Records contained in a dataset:

Lemma alg_neq0 (c : F) : c != 0 -> c%:A != 0 :> E.
Proof. by move=> c0; rewrite scaler_eq0 negb_or c0 oner_neq0. Qed.

Lemma dval_pi : vE pi = 0.
Proof.
rewrite dvalM ?alg_neq0 ?expf_neq0 // HvEc ?expf_neq0 //.
by rewrite dvalX // Hw mulr1 Hvb subrr.
Qed.

Lemma pi_neq0 : pi != 0.
Proof. by rewrite mulf_neq0 // alg_neq0 // expf_neq0. Qed.

Lemma inO_piX i : inO vE (pi ^+ i).
Proof. by right; rewrite dvalX ?pi_neq0 // dval_pi mulr0. Qed.

Lemma inP_wX k : inP v k%:Z (w ^+ k).
Proof. by right; rewrite dvalX // Hw mulr1. Qed.

Lemma inPZ r s (c : F) (y : E) : inP v r c -> inP vE s y -> inP vE (r + s) (c *: y).
Proof.
move=> hc hy; rewrite -mulr_algl; apply: inPM hy => //.
case: hc => [->|hc]; first by rewrite scale0r; left.
have [->|c0] := eqVneq c 0; first by rewrite scale0r; left.
by right; rewrite HvEc.
Qed.

Lemma Ebasis_nth (i : 'I_n) : X`_i = pi ^+ i.
Proof. by rewrite -(tnth_nth 0) Ebasis_tnth. Qed.

Lemma adjoin_degree_pi : adjoin_degree 1%AS pi = n.
Proof.
have gen_pi : (<<1%AS; pi>>)%VS = fullv.
  apply/eqP; rewrite eqEsubv subvf /= -Hgen sub_adjoin1v.
  rewrite [X in X \in _](_ : beta = (w ^+ m)^-1 *: pi) ?memvZ ?memv_adjoin //.
  by rewrite -scalerAl scalerA mulVf ?expf_neq0 // scale1r mul1r.
by have := dim_Fadjoin 1%AS pi; rewrite gen_pi HdimE /= dimv1 muln1.
Qed.
Lemma locally_finite_common_eigenvector (p : {vspace g}) :
  is_lie_bracket br -> lie_ideal br p -> lie_solvable br p -> locally_finite act p ->
  (exists v : V, v != 0) ->
  exists2 v : V, v != 0 & forall x, x \in p -> exists a, act x v = a *: v.
Proof.
move=> Hbr Hpi Hps lf [v0 v0_neq0].
have [s [v0s s_stable]] := lf v0; have [t free_t st] := free_spanning_seq s.
have t_stable x w : x \in p -> in_span t w -> in_span t (act x w).
  by move=> xp /st /(s_stable _ _ xp) /st.
have [rho [rhoP rho_linear rho_br]] := stable_span_representation Hpi free_t t_stable.
have t_gt0 : (0 < size t)%N.
  have /st /in_spanP [c v0c] := v0s; rewrite lt0n; apply: contraNneq v0_neq0 => t0.
  by rewrite -v0c /lincomb big1 // => i; have := ltn_ord i; rewrite {2}t0.
have W0 : (1%:M : 'M[CC]_(size t)) != 0 by rewrite -mxrank_eq0 mxrank1 -lt0n.
have [c c_neq0 [_ c_eig]] := solvable_common_eigenvector Hbr rho_linear rho_br
  (subvv p) (lie_ideal_subalgebra Hpi) Hps W0 (fun x _ => submx1 _).
exists (lincomb t c).
  apply: contraNneq c_neq0; rewrite -(lin0 (lincomb_linear (s := t))).
  by move/(lincomb_inj free_t) ->.
move=> x xp; have [a ca] := c_eig x xp.
by exists a; rewrite -rhoP // ca (linZ (lincomb_linear (s := t))).
Qed.

Lemma weight_vector_derived_act0 (p : {vspace g}) (phi : g -> CC) v :
  (forall x, x \in p -> act x v = phi x *: v) ->
  forall z, z \in derived br p -> act z v = 0.
Proof.
move=> v_weight z; rewrite /derived; set S := [seq br _ _ | _ <- _, _ <- _] => zS.
rewrite (coord_span (X := in_tuple S) zS) (lin_sum (act_linear_l v)) big1 // => i _.
have : S`_i \in S by apply: mem_nth.
case/allpairsP => -[x y] [/= /vbasis_mem xp /vbasis_mem yp ->].
rewrite act_br !v_weight // !(linZ (act_linear _)) !v_weight // !scalerA.
by rewrite mulrC subrr scaler0.
Qed.

Lemma weight_vector_character (p : {vspace g}) v :
  lie_subalgebra br p -> v != 0 -> (forall x, x \in p -> exists a, act x v = a *: v) ->
  exists phi, lie_hom_to_C br p phi /\ forall x, x \in p -> act x v = phi x *: v.
Proof.
move=> subp v_neq0 v_eig.
have ex x : exists a, (x \in p) ==> (act x v == a *: v).
  have [/v_eig [a va] | _] := boolP (x \in p); last by exists 0.
  by exists a; rewrite va eqxx.
pose phi x := xchoose (ex x).
have v_weight x : x \in p -> act x v = phi x *: v.
  by move=> xp; have /implyP /(_ xp) /eqP := xchooseP (ex x).
exists phi; split=> //; split=> [a x y xp yp | z zD].
  apply: (scalerIv v_neq0); rewrite -v_weight ?memvD ?memvZ //.
  by rewrite act_linear_l !v_weight // scalerDl scalerA.
apply: (scalerIv v_neq0); rewrite -v_weight ?(subvP (derived_sub subp)) // scale0r.
exact: weight_vector_derived_act0 v_weight z zD.
Qed.

End Modules.

Theorem theorem2p5 (g : vectType CC) (br : g -> g -> g)
  (Hbr : is_lie_bracket br)
  (Hnss : ~ lie_semisimple br)
  (p : {vspace g}) (Hpi : lie_ideal br p) (Hps : lie_solvable br p)
  (Hpnp : ~ lie_perfect br p)
  (V : lmodType CC) (act : g -> V -> V)
  (Hmod : is_lie_module br act) (Hirr : irreducible_module act) :
  locally_finite act p <-> quasi_whittaker br act p.
Proof.
split=> [lf | [phi [_ [v [v_weight gen_v]]]]]; last first.
  exact: (weight_generator_locally_finite Hmod Hpi v_weight gen_v).
have [v v_neq0 v_eig] := locally_finite_common_eigenvector Hmod Hbr Hpi Hps lf Hirr.1.
have [phi [phi_hom v_weight]] :=
  weight_vector_character Hmod (lie_ideal_subalgebra Hpi) v_neq0 v_eig.
by exists phi; split=> //; exists v; split=> //; apply: irreducible_generates.
Qed.
(* Fix $d\ge2$. There exists $C>0$ such that for all $n\ge1$, $$\mathrm{card}\,\mathrm{Diag}(n)\le C n^{d-1}.$$
   Context: Consider the tessellation of $\mathbb{R}^d$ by the unit cubes $k+[0,1]^d$, $k\in\mathbb{Z}^d$; faces are faces of these cubes. For faces $A,B$ of dimension at most $d-2$, the diagonal $\gamma_{A,B}$ is the set of oriented segments starting in $A$ and ending in $B$ (not meeting other faces of dimension at most $d-2$ in between); $A,B$ are at combinatorial length $n$ if every such segment passes through $n$ cubes, and then $\gamma_{A,B}$ has combinatorial length $n$. $\mathrm{Diag}(n)$ is the set of diagonals of combinatorial length $n$ whose initial segment lies in $[0,1]^d$. *)

From HB Require Import structures.
From mathcomp Require Import all_boot all_order all_algebra.
From mathcomp Require Import reals.
Set Implicit Arguments. Unset Strict Implicit. Unset Printing Implicit Defensive.
Import Order.TTheory GRing.Theory Num.Theory.
Local Open Scope ring_scope.

(* Its dimension
   is #|I|.  Every face of every cube k + [0,1]^d is of this form and
   conversely. *)
Definition in_face (R : realType) (d : nat) (I : {set 'I_d}) (k : 'I_d -> int)
  (x : 'I_d -> R) : Prop :=
  forall i, if i \in I then (k i)%:~R <= x i <= (k i)%:~R + 1
            else x i == (k i)%:~R.

Definition in_cube (R : realType) (d : nat) (k : {ffun 'I_d -> int})
  (x : 'I_d -> R) : Prop :=
  forall i, (k i)%:~R <= x i <= (k i)%:~R + 1.

Definition skel (R : realType) (d : nat) (x : 'I_d -> R) : Prop :=
  exists (I : {set 'I_d}) (k : 'I_d -> int), (#|I| <= d - 2)%N /\ in_face I k x.

Definition segpt (R : realType) (d : nat) (p q : 'I_d -> R) (t : R) : 'I_d -> R :=
  fun i => p i + t * (q i - p i).

Definition seg (R : realType) (d : nat) := (('I_d -> R) * ('I_d -> R))%type.

Definition gamma (R : realType) (d : nat) (IA : {set 'I_d}) (kA : 'I_d -> int)
  (IB : {set 'I_d}) (kB : 'I_d -> int) : seg R d -> Prop :=
  fun s => s.1 <> s.2 /\ in_face IA kA s.1 /\ in_face IB kB s.2 /\
    forall t : R, 0 < t < 1 -> ~ skel (segpt s.1 s.2 t).

Definition passes (R : realType) (d : nat) (p q : 'I_d -> R) (k : {ffun 'I_d -> int})
  : Prop :=
  exists t1 t2 : R, 0 <= t1 /\ t1 < t2 /\ t2 <= 1 /\
    in_cube k (segpt p q t1) /\ in_cube k (segpt p q t2).

Definition passes_n (R : realType) (d : nat) (p q : 'I_d -> R) (n : nat) : Prop :=
  exists s : seq {ffun 'I_d -> int},
    uniq s /\ size s = n /\ forall k, k \in s <-> passes p q k.

Definition comb_length (R : realType) (d : nat) (IA : {set 'I_d}) (kA : 'I_d -> int)
  (IB : {set 'I_d}) (kB : 'I_d -> int) (n : nat) : Prop :=
  forall s, @gamma R d IA kA IB kB s -> passes_n s.1 s.2 n.

Definition initial_in_unit (R : realType) (d : nat) (p q : 'I_d -> R) : Prop :=
  exists eps : R, 0 < eps /\
    forall t, 0 <= t <= eps -> forall i, 0 <= segpt p q t i <= 1.

Definition Diag (R : realType) (d : nat) (n : nat) (g : seg R d -> Prop) : Prop :=
  exists (IA : {set 'I_d}) (kA : 'I_d -> int) (IB : {set 'I_d}) (kB : 'I_d -> int),
    (#|IA| <= d - 2)%N /\ (#|IB| <= d - 2)%N /\
    g = @gamma R d IA kA IB kB /\
    (exists s, g s) /\
    @comb_length R d IA kA IB kB n /\
    (forall s, g s -> initial_in_unit s.1 s.2).

From mathcomp Require Import all_boot all_order all_algebra.
From mathcomp Require Import reals boolp.
From Stdlib Require List.
From mathcomp Require Import ring lra zify.
Set Implicit Arguments. Unset Strict Implicit. Unset Printing Implicit Defensive.
Import Order.TTheory GRing.Theory Num.Theory.
Local Open Scope ring_scope.
(* Let $(M,ds^2)$ be an $n$-dimensional Riemannian manifold, $1\le p\le n$. For every $x\in M$ and every $p$-form $g$ at $x$, $$p(n-p)\lambda_{\mathfrak R}(x)|g|^2\le\sum_{i_1<\cdots<i_p}\langle\mathfrak R\xi^g_{i_1\cdots i_p},\xi^g_{i_1\cdots i_p}\rangle\le p(n-p)\Lambda_{\mathfrak R}(x)|g|^2.$$
   Context: Local orthonormal frame $e_i$ with dual coframe $\omega^i$, summation convention; $g=\sum_{i_1<\dots<i_p}g_{i_1\cdots i_p}\omega^{i_1}\wedge\dots\wedge\omega^{i_p}$ with antisymmetrically extended coefficients. Curvature: $R_{XY}=D_XD_Y-D_YD_X-D_{[X,Y]}$ for the Levi-Civita connection $D$, $R_{ijk\ell}=\langle R_{e_ie_j}e_k,e_\ell\rangle$, and the curvature operator $\mathfrak R$ on $2$-forms is the self-adjoint map $\mathfrak R(\omega^i\wedge\omega^j)=R_{ij\ell k}\,\omega^k\wedge\omega^\ell$; $\lambda_{\mathfrak R}(x)$ and $\Lambda_{\mathfrak R}(x)$ are its smallest and largest eigenvalues at $x$. For $i_1<\dots<i_p$, $\xi^g_{i_1\cdots i_p}:=\sum_{a=1}^p\sum_{i=1}^n g_{i_1\cdots(i)_a\cdots i_p}\,\omega^i\wedge\omega^{i_a}$, where $(i)_a$ means the index in the $a$-th slot is replaced by $i$. *)

(* Pointwise (linear-algebraic) rendering of Lemma 7.4. *)
From HB Require Import structures.
From mathcomp Require Import all_boot all_order all_algebra all_fingroup.
Set Implicit Arguments. Unset Strict Implicit. Unset Printing Implicit Defensive.
Import Order.TTheory GRing.Theory Num.Theory.
Local Open Scope ring_scope.

(* Index pairs k < l : the orthonormal basis w^k /\ w^l (k<l) of 2-forms. *)
Definition pair2 (n : nat) := {kl : 'I_n * 'I_n | (kl.1 < kl.2)%N}.

Definition dim2 (n : nat) : nat := #|{: pair2 n}|.
Definition bidx (n : nat) (m : 'I_(dim2 n)) : pair2 n := enum_val m.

Task item: Of all the entries above, repeat only the lines from the line that has "Proof. by right; rewrite dvalX //" to the line that has "Lemma Ebasis_nth (i", both lines included, exactly.

Answer section:
Proof. by right; rewrite dvalX // Hw mulr1. Qed.

Lemma inPZ r s (c : F) (y : E) : inP v r c -> inP vE s y -> inP vE (r + s) (c *: y).
Proof.
move=> hc hy; rewrite -mulr_algl; apply: inPM hy => //.
case: hc => [->|hc]; first by rewrite scale0r; left.
have [->|c0] := eqVneq c 0; first by rewrite scale0r; left.
by right; rewrite HvEc.
Qed.

Lemma Ebasis_nth (i : 'I_n) : X`_i = pi ^+ i.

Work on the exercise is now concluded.